One range is to be output from the listing below, exactly as written: the line with "rewrite /l2inner (@lim_series_support_lt _ n.+1)" to the line with "Lemma ge0_esumZl (T", both kept.

= = = =

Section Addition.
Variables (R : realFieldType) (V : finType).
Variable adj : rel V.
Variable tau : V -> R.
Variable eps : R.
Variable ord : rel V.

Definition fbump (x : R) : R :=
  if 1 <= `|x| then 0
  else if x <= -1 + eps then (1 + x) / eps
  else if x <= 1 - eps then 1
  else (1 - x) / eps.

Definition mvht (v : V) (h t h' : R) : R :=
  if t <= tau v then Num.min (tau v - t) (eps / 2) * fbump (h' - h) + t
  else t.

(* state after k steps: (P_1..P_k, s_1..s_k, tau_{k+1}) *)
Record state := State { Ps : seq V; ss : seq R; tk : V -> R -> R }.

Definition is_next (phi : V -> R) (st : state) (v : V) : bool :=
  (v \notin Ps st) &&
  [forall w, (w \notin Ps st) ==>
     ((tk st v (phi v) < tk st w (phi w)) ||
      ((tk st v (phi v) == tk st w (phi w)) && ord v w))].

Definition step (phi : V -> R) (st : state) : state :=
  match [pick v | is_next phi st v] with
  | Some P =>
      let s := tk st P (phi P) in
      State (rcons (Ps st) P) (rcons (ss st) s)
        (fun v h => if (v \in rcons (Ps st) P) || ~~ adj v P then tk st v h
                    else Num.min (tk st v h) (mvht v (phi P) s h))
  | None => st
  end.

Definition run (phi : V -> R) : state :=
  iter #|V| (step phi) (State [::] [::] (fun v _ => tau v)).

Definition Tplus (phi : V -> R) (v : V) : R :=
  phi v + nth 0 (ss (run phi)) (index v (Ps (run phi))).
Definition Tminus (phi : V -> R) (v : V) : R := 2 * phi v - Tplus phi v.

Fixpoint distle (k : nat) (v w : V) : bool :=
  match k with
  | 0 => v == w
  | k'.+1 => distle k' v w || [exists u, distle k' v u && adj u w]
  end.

= = = =

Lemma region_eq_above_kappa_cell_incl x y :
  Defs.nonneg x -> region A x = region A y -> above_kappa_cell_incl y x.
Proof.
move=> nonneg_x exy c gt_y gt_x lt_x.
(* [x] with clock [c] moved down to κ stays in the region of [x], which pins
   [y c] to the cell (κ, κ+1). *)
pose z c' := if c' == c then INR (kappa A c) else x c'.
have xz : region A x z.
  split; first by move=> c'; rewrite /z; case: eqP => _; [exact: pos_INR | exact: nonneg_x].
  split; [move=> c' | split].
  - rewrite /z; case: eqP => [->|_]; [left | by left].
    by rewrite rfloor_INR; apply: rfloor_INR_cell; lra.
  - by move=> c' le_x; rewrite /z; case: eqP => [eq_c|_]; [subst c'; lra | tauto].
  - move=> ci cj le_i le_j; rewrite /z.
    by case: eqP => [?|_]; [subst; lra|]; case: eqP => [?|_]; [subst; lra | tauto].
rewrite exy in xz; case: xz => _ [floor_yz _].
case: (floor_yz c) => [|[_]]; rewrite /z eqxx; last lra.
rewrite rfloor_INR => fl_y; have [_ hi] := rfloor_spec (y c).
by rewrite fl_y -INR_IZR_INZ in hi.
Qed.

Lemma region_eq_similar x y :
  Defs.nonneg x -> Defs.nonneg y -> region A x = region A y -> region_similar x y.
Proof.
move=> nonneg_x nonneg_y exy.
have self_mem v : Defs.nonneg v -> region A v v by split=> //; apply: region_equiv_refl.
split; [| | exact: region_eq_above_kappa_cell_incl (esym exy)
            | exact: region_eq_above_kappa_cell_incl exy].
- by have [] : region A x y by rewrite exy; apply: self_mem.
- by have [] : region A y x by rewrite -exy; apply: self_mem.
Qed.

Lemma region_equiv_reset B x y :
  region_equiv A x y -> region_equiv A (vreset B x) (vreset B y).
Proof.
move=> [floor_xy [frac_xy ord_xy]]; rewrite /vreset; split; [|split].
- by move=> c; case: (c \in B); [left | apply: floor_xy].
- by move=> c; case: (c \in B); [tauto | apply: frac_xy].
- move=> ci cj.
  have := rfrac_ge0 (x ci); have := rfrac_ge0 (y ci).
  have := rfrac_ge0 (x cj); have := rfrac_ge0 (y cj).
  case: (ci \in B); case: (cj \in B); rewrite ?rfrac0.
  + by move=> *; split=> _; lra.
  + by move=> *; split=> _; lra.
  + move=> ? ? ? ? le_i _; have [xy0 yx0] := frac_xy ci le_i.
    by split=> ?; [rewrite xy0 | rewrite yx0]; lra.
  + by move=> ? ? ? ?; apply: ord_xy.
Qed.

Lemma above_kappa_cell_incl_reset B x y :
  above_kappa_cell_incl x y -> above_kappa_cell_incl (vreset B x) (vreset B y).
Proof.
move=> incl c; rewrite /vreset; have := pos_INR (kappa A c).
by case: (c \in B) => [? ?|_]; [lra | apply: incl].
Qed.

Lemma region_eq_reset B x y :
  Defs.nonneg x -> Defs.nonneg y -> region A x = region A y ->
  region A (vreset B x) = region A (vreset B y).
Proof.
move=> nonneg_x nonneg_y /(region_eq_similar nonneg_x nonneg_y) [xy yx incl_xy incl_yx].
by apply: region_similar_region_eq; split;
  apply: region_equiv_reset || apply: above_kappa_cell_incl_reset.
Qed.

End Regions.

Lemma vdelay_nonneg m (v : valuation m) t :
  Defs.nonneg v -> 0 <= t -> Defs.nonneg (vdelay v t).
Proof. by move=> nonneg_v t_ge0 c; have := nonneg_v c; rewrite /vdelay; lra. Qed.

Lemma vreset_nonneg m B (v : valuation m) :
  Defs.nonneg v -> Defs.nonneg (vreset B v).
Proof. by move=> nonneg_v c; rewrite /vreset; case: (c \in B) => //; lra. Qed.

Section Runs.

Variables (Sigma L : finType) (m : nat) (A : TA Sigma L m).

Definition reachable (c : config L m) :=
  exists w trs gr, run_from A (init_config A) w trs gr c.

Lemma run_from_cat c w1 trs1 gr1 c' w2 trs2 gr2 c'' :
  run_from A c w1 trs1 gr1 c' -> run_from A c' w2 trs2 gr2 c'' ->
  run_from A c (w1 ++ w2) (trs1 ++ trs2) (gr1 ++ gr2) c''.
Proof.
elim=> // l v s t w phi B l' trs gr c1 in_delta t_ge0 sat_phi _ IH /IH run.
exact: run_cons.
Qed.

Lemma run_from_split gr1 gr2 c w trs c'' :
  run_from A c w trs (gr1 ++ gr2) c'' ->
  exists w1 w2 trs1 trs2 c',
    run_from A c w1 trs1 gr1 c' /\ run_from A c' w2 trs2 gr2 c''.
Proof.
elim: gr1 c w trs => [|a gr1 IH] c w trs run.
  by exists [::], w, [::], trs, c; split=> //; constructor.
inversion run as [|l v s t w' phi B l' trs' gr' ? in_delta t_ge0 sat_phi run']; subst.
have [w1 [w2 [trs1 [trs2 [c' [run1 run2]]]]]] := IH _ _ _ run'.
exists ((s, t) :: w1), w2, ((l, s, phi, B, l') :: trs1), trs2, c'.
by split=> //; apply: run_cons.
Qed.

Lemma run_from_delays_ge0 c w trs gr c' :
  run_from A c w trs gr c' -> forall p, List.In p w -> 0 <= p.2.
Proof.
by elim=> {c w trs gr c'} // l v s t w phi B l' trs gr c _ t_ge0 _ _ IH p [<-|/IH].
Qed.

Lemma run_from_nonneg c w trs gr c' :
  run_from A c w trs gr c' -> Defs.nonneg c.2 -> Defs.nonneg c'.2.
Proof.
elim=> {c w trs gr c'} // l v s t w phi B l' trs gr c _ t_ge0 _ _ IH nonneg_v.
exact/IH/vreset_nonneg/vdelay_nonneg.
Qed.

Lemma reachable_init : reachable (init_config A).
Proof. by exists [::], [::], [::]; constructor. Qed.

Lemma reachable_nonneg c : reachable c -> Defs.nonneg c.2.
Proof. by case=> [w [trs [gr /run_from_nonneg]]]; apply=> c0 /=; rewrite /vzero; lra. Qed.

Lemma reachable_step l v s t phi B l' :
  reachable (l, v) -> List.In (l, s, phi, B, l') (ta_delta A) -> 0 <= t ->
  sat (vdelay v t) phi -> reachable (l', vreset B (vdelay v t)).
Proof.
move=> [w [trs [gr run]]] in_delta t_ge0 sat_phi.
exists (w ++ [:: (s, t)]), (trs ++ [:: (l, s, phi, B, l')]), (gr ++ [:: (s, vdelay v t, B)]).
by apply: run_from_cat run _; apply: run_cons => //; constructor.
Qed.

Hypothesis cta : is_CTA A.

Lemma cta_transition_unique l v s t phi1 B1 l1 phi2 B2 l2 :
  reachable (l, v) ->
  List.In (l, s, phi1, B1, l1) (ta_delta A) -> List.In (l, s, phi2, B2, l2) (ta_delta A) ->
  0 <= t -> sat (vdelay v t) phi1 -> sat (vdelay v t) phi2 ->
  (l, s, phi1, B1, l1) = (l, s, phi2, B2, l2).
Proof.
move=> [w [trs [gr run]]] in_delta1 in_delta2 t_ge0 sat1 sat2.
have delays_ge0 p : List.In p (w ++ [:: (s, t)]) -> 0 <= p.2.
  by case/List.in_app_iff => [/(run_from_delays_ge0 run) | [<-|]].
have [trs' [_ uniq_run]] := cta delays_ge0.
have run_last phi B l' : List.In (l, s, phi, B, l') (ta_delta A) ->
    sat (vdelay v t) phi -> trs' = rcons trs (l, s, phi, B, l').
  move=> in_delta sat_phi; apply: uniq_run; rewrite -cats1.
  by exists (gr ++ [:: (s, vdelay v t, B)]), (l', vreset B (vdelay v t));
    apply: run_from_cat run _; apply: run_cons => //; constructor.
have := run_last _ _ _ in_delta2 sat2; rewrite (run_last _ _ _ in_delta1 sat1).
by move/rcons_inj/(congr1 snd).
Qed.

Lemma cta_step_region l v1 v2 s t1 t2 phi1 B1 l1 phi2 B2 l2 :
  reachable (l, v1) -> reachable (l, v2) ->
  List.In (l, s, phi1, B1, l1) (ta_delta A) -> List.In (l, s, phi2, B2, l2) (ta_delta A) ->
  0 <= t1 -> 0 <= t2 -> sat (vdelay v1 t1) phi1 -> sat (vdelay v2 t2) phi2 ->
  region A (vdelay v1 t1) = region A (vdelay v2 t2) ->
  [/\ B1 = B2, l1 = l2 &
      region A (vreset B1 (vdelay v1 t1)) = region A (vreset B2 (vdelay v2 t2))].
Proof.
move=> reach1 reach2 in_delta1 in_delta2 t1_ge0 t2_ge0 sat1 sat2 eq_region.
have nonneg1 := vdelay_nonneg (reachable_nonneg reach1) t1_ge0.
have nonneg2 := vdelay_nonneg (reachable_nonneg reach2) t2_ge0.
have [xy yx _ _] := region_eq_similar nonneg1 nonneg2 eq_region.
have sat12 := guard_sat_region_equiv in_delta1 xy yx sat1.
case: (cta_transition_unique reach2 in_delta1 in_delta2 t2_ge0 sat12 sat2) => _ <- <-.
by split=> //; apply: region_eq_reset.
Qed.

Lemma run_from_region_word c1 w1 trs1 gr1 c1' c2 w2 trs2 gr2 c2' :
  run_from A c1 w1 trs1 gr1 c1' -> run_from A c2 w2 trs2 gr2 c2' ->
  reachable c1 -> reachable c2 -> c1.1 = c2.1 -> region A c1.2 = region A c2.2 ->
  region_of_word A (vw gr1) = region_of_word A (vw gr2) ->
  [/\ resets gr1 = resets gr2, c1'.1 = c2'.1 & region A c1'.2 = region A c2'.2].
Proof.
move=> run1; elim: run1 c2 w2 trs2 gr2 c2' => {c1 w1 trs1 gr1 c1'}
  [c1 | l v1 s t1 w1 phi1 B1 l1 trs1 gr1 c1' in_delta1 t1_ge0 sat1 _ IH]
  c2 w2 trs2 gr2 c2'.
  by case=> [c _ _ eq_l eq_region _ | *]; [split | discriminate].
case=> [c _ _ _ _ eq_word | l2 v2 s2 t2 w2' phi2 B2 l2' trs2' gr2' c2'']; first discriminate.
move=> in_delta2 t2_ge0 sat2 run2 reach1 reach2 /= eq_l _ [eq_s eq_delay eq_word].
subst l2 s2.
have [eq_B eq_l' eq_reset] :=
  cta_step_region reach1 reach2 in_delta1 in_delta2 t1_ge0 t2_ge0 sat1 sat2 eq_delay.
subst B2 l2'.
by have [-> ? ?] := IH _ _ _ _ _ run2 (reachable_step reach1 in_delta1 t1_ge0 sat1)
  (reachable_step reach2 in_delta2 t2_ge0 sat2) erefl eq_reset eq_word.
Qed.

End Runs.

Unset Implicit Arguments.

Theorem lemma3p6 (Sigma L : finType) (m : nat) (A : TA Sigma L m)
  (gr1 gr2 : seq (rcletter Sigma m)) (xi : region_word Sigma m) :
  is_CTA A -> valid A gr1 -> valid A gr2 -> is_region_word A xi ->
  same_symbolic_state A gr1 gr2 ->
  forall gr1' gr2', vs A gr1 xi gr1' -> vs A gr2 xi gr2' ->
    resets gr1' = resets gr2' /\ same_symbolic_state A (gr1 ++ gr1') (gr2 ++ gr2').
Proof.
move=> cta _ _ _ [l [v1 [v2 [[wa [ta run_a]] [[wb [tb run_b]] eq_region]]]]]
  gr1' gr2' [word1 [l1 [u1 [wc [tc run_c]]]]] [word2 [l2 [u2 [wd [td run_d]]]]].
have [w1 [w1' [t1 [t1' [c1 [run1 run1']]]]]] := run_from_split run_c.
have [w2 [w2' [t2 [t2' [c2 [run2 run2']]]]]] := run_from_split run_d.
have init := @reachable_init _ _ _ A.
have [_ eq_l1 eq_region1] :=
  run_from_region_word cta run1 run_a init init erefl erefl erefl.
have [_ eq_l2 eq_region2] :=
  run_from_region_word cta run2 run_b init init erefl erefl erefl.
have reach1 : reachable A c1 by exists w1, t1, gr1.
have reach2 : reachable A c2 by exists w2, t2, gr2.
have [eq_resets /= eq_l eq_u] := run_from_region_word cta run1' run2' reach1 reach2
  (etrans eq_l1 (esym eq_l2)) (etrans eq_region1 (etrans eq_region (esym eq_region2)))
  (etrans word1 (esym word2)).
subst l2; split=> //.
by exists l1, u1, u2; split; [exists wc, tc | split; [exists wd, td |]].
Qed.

= = = =

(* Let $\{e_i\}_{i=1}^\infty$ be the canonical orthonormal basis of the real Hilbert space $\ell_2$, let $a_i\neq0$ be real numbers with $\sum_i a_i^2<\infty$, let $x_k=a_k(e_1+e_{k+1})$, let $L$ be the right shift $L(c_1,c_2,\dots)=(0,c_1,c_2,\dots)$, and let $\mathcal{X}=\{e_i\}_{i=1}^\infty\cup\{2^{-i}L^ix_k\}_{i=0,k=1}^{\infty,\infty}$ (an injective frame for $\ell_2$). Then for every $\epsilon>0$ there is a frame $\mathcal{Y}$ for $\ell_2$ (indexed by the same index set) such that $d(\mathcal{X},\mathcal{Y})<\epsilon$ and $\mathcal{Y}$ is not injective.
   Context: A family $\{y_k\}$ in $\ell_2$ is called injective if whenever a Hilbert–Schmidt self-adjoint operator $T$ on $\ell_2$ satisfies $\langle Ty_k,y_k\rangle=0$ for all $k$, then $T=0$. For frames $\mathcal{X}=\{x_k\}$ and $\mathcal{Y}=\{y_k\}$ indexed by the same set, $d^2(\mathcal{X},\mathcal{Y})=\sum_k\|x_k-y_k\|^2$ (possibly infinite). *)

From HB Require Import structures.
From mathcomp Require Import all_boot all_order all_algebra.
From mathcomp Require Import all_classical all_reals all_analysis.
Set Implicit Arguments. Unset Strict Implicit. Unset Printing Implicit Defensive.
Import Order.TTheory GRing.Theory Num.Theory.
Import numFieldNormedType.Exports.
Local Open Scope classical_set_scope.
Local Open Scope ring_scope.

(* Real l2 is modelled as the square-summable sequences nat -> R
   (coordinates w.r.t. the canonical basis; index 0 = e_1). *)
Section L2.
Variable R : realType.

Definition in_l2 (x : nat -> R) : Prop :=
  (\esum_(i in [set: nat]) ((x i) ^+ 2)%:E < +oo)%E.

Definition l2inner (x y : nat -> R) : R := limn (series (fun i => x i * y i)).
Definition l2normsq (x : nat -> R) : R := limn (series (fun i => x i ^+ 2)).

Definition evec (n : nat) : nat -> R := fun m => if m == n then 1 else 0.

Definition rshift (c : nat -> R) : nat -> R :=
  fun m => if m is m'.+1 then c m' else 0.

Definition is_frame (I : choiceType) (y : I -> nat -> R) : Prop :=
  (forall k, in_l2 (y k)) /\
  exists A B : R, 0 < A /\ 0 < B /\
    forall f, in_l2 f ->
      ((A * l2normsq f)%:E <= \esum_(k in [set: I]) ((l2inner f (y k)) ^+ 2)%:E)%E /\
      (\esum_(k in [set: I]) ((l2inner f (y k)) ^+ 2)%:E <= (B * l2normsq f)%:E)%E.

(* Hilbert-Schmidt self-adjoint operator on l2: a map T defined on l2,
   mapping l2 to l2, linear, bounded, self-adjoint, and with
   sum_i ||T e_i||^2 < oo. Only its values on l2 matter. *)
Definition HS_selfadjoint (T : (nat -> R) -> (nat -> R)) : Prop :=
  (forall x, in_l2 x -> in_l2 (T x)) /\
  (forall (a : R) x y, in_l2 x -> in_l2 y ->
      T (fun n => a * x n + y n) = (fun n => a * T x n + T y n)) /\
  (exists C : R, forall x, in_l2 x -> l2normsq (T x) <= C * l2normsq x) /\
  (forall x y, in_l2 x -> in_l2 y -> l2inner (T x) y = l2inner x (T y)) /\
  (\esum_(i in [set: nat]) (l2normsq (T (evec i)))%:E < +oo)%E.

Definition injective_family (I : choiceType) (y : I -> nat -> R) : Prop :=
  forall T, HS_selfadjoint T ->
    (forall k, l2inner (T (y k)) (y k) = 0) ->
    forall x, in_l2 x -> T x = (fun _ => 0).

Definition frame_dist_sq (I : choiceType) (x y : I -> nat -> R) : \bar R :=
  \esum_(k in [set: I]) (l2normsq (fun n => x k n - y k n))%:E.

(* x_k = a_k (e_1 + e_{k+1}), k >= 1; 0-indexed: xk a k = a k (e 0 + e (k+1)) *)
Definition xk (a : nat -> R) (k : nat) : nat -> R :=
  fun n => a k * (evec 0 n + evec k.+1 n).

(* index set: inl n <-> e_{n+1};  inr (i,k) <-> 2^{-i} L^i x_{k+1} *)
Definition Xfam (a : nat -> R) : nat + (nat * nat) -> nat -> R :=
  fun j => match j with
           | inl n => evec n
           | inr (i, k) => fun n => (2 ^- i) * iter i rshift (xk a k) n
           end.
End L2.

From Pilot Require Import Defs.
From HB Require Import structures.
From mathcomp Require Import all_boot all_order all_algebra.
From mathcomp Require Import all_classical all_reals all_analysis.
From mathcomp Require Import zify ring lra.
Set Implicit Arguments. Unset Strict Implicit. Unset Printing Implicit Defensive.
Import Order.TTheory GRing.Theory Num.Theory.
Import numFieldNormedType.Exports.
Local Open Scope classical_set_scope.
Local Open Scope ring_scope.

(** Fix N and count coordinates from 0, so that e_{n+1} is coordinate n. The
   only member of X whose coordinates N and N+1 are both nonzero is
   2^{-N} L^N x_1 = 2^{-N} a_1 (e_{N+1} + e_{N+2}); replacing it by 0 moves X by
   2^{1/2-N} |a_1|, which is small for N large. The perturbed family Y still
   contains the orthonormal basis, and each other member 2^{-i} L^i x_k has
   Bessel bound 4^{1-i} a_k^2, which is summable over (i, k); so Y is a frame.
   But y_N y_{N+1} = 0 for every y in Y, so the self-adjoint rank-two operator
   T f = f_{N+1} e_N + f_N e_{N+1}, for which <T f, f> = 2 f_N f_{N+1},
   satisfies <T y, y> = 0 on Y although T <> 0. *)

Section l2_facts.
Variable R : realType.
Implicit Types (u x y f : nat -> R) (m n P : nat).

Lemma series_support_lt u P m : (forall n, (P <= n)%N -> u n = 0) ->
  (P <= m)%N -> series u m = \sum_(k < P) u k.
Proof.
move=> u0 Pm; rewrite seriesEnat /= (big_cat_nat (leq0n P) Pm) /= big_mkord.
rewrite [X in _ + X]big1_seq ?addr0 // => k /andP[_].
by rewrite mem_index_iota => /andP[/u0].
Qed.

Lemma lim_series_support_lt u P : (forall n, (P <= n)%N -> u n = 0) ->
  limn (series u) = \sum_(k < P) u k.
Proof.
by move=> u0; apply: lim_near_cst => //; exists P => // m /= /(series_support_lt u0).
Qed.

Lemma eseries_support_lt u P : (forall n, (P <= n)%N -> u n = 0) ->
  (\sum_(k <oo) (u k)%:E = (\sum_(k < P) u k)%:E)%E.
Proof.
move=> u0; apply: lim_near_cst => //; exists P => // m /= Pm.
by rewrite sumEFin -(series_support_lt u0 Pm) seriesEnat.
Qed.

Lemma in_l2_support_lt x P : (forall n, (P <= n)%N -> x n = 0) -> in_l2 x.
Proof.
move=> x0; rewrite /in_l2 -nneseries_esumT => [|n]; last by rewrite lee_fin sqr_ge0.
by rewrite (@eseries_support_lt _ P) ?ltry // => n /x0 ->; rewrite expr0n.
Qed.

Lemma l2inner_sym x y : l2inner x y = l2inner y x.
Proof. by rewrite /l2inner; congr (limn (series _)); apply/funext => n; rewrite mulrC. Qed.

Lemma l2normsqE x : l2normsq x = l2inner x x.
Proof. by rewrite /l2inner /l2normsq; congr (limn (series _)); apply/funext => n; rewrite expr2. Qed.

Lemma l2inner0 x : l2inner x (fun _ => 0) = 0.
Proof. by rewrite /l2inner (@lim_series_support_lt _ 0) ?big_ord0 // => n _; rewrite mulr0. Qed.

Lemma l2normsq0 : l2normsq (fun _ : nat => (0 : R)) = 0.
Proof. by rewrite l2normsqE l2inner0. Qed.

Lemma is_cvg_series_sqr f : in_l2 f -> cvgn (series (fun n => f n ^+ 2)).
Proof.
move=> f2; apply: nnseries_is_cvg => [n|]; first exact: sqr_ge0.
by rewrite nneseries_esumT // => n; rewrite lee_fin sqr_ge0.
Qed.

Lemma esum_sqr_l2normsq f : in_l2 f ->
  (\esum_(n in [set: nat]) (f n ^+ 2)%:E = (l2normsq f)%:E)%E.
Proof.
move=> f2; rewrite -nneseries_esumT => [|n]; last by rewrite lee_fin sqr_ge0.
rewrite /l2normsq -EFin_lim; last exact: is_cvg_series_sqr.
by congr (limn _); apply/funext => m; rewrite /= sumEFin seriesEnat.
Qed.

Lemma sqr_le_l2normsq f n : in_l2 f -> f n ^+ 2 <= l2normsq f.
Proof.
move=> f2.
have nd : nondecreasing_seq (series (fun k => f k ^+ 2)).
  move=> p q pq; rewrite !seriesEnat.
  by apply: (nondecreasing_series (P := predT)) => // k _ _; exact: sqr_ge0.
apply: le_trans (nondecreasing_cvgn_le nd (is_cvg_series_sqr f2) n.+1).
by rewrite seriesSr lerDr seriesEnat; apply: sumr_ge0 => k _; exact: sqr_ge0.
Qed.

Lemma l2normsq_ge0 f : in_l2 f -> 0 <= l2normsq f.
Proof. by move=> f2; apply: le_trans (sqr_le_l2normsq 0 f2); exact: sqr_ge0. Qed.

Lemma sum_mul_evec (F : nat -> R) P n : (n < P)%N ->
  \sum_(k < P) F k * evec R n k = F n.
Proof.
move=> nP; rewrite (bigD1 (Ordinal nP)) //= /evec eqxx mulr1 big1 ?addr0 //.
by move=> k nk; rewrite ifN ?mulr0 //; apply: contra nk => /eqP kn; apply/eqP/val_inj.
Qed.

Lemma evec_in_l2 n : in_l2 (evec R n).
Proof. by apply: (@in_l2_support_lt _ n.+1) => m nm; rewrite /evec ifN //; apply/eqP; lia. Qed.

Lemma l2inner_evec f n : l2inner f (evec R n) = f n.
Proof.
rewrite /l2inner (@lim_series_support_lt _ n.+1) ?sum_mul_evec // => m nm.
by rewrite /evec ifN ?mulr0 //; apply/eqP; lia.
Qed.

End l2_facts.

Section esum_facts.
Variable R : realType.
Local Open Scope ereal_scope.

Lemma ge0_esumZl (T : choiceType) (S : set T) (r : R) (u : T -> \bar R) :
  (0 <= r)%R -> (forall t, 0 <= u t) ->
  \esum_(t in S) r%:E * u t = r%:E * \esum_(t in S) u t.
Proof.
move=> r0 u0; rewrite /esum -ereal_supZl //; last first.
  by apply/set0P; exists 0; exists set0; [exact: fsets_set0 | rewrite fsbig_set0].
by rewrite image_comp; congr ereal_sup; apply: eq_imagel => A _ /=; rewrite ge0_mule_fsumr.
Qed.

= = = =

| Exercise output |
rewrite /l2inner (@lim_series_support_lt _ n.+1) ?sum_mul_evec // => m nm.
by rewrite /evec ifN ?mulr0 //; apply/eqP; lia.
Qed.

End l2_facts.

Section esum_facts.
Variable R : realType.
Local Open Scope ereal_scope.

Lemma ge0_esumZl (T : choiceType) (S : set T) (r : R) (u : T -> \bar R) :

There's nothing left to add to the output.